| PROBLEM TO WORK ON |
Filter the entries down to the lines containing "mathcomp", and copy those lines.

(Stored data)
==============================

(* Let $q$ be a prime power and $n \ge 1$. For any function $\varphi : M_n(\mathbb{F}_q) \to \mathbb{R}$ of von Mangoldt type with coefficients $(c_\sigma)_{\sigma \in S_n}$, \[ \sum_{f \in M_n(\mathbb{F}_q)} \varphi(f) = \sum_{\sigma \in S_n} c_\sigma\, q^n. \]
   Context: $M_n(\mathbb{F}_q)$ is the set of monic degree-$n$ polynomials in $\mathbb{F}_q[x]$. For $(z_1,\dots,z_n) \in \overline{\mathbb{F}}_q^{\,n}$ and $\sigma \in S_n$, $\delta_\sigma(z_1,\dots,z_n) = 1$ if $\mathrm{Frob}_q(z_1,\dots,z_n) = \sigma(z_1,\dots,z_n)$ (Frobenius $z \mapsto z^q$ applied coordinatewise equals the permutation $\sigma$ of coordinates) and $0$ otherwise. $\varphi$ is of von Mangoldt type with coefficients $(c_\sigma)$ if $\varphi(f) = \sum_{(z_1,\dots,z_n) \in \overline{\mathbb{F}}_q^{\,n},\, f = \prod_i (x - z_i)} \sum_{\sigma \in S_n} c_\sigma \delta_\sigma(z_1,\dots,z_n)$ for all $f \in M_n(\mathbb{F}_q)$. *)

From HB Require Import structures.
From mathcomp Require Import all_boot all_order all_algebra all_fingroup all_field.
From mathcomp Require Import classical_sets fsbigop.

Import GRing.Theory.
Local Open Scope ring_scope.
Local Open Scope classical_set_scope.

(* M_n(F): monic polynomials of degree n (size = degree + 1). *)
Definition monic_deg (F : fieldType) (n : nat) : set {poly F} :=
  [set f : {poly F} | f \is monic /\ size f = n.+1].

Definition root_tuples {F L : fieldType} (iota : {rmorphism F -> L}) (n : nat)
  (f : {poly F}) : set (n.-tuple L) :=
  [set z : n.-tuple L | map_poly iota f = \prod_(i < n) ('X - (tnth z i)%:P)].

Definition frob_delta {L : fieldType} (q : nat) {n : nat} (s : 'S_n) (z : n.-tuple L) : bool :=
  [forall i : 'I_n, tnth z i ^+ q == tnth z (s i)].

Definition von_mangoldt_type {F : finFieldType} {L : fieldType}
  (iota : {rmorphism F -> L}) (n : nat) {R : numDomainType}
  (phi : {poly F} -> R) (c : 'S_n -> R) : Prop :=
  forall f : {poly F}, f \in monic_deg F n ->
    phi f = \sum_(z \in root_tuples iota n f)
              \sum_(s : 'S_n) c s * (frob_delta #|F| s z)%:R.

From HB Require Import structures.
From mathcomp Require Import all_boot all_order all_algebra all_fingroup all_field.
From mathcomp Require Import classical_sets fsbigop cardinality reals.
Import GRing.Theory.

Set Implicit Arguments.
Unset Strict Implicit.
Unset Printing Implicit Defensive.

Local Open Scope ring_scope.

(* Exchanging the sums turns the left-hand side into sum_s c_s N_s, where N_s
   counts the tuples z with z_i^q = z_(s i) for all i.  Each such z is the root
   tuple of exactly one monic f of degree n over F: the coefficients of
   prod_i (X - z_i) are fixed by x |-> x^q, hence lie in the image of F, which
   is the set of roots of X^q - X.  Such a z is determined by its values at one
   point r of each cycle of s, the only constraint being z_r^(q^l) = z_r for the
   cycle length l; as X^(q^l) - X is separable this leaves q^l choices per
   cycle, so N_s = q^n. *)

Section PcharExp.
Variables (R : comNzRingType) (N : nat).
Hypothesis pcharN : [pchar R].-nat N.

Definition pchar_exp of [pchar R].-nat N : R -> R := fun x => x ^+ N.

Lemma pchar_exp_is_nmod_morphism : nmod_morphism (pchar_exp pcharN).
Proof.
have N_gt0 : (0 < N)%N by case/andP: pcharN.
split=> [|x y]; first by rewrite /pchar_exp expr0n eqn0Ngt N_gt0.
by rewrite /pchar_exp exprDn_pchar.
Qed.

Lemma pchar_exp_is_monoid_morphism : monoid_morphism (pchar_exp pcharN).
Proof. by split=> [|x y]; rewrite /pchar_exp ?expr1n ?exprMn. Qed.

HB.instance Definition _ := GRing.isNmodMorphism.Build R R (pchar_exp pcharN)
  pchar_exp_is_nmod_morphism.
HB.instance Definition _ := GRing.isMonoidMorphism.Build R R (pchar_exp pcharN)
  pchar_exp_is_monoid_morphism.

End PcharExp.

Lemma natr_pnat_pchar (R : nzRingType) N :
  [pchar R].-nat N -> (1 < N)%N -> N%:R = 0 :> R.
Proof.
move=> pcharN N_gt1; have pcharp : pdiv N \in [pchar R].
  by apply: pnatPpi pcharN _; rewrite pi_pdiv.
by apply/eqP; rewrite -(dvdn_pcharf pcharp) pdiv_dvd.
Qed.

Lemma pnat_card_finField (F : finFieldType) : [pchar F].-nat #|F|.
Proof.
have [p p_pr pcharp] := finPcharP F.
have card_pow : #|F| = (p ^ logn p #|F|)%N := card_pprimeChar pcharp.
by rewrite card_pow pnatX (pnatE _ p_pr) pcharp.
Qed.

Lemma exprXn_modn (R : pzSemiRingType) (y : R) Q o k :
  y ^+ (Q ^ o) = y -> y ^+ (Q ^ k) = y ^+ (Q ^ (k %% o)).
Proof.
move=> y_fixed; rewrite {1}(divn_eq k o) expnD exprM; congr (_ ^+ _).
elim: (k %/ o)%N => [|c IHc]; first by rewrite mul0n expn0 expr1.
by rewrite mulSn expnD exprM y_fixed IHc.
Qed.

==============================

| OUTPUT FOR THIS EXERCISE |
From mathcomp Require Import all_boot all_order all_algebra all_fingroup all_field.
From mathcomp Require Import classical_sets fsbigop.
From mathcomp Require Import all_boot all_order all_algebra all_fingroup all_field.
From mathcomp Require Import classical_sets fsbigop cardinality reals.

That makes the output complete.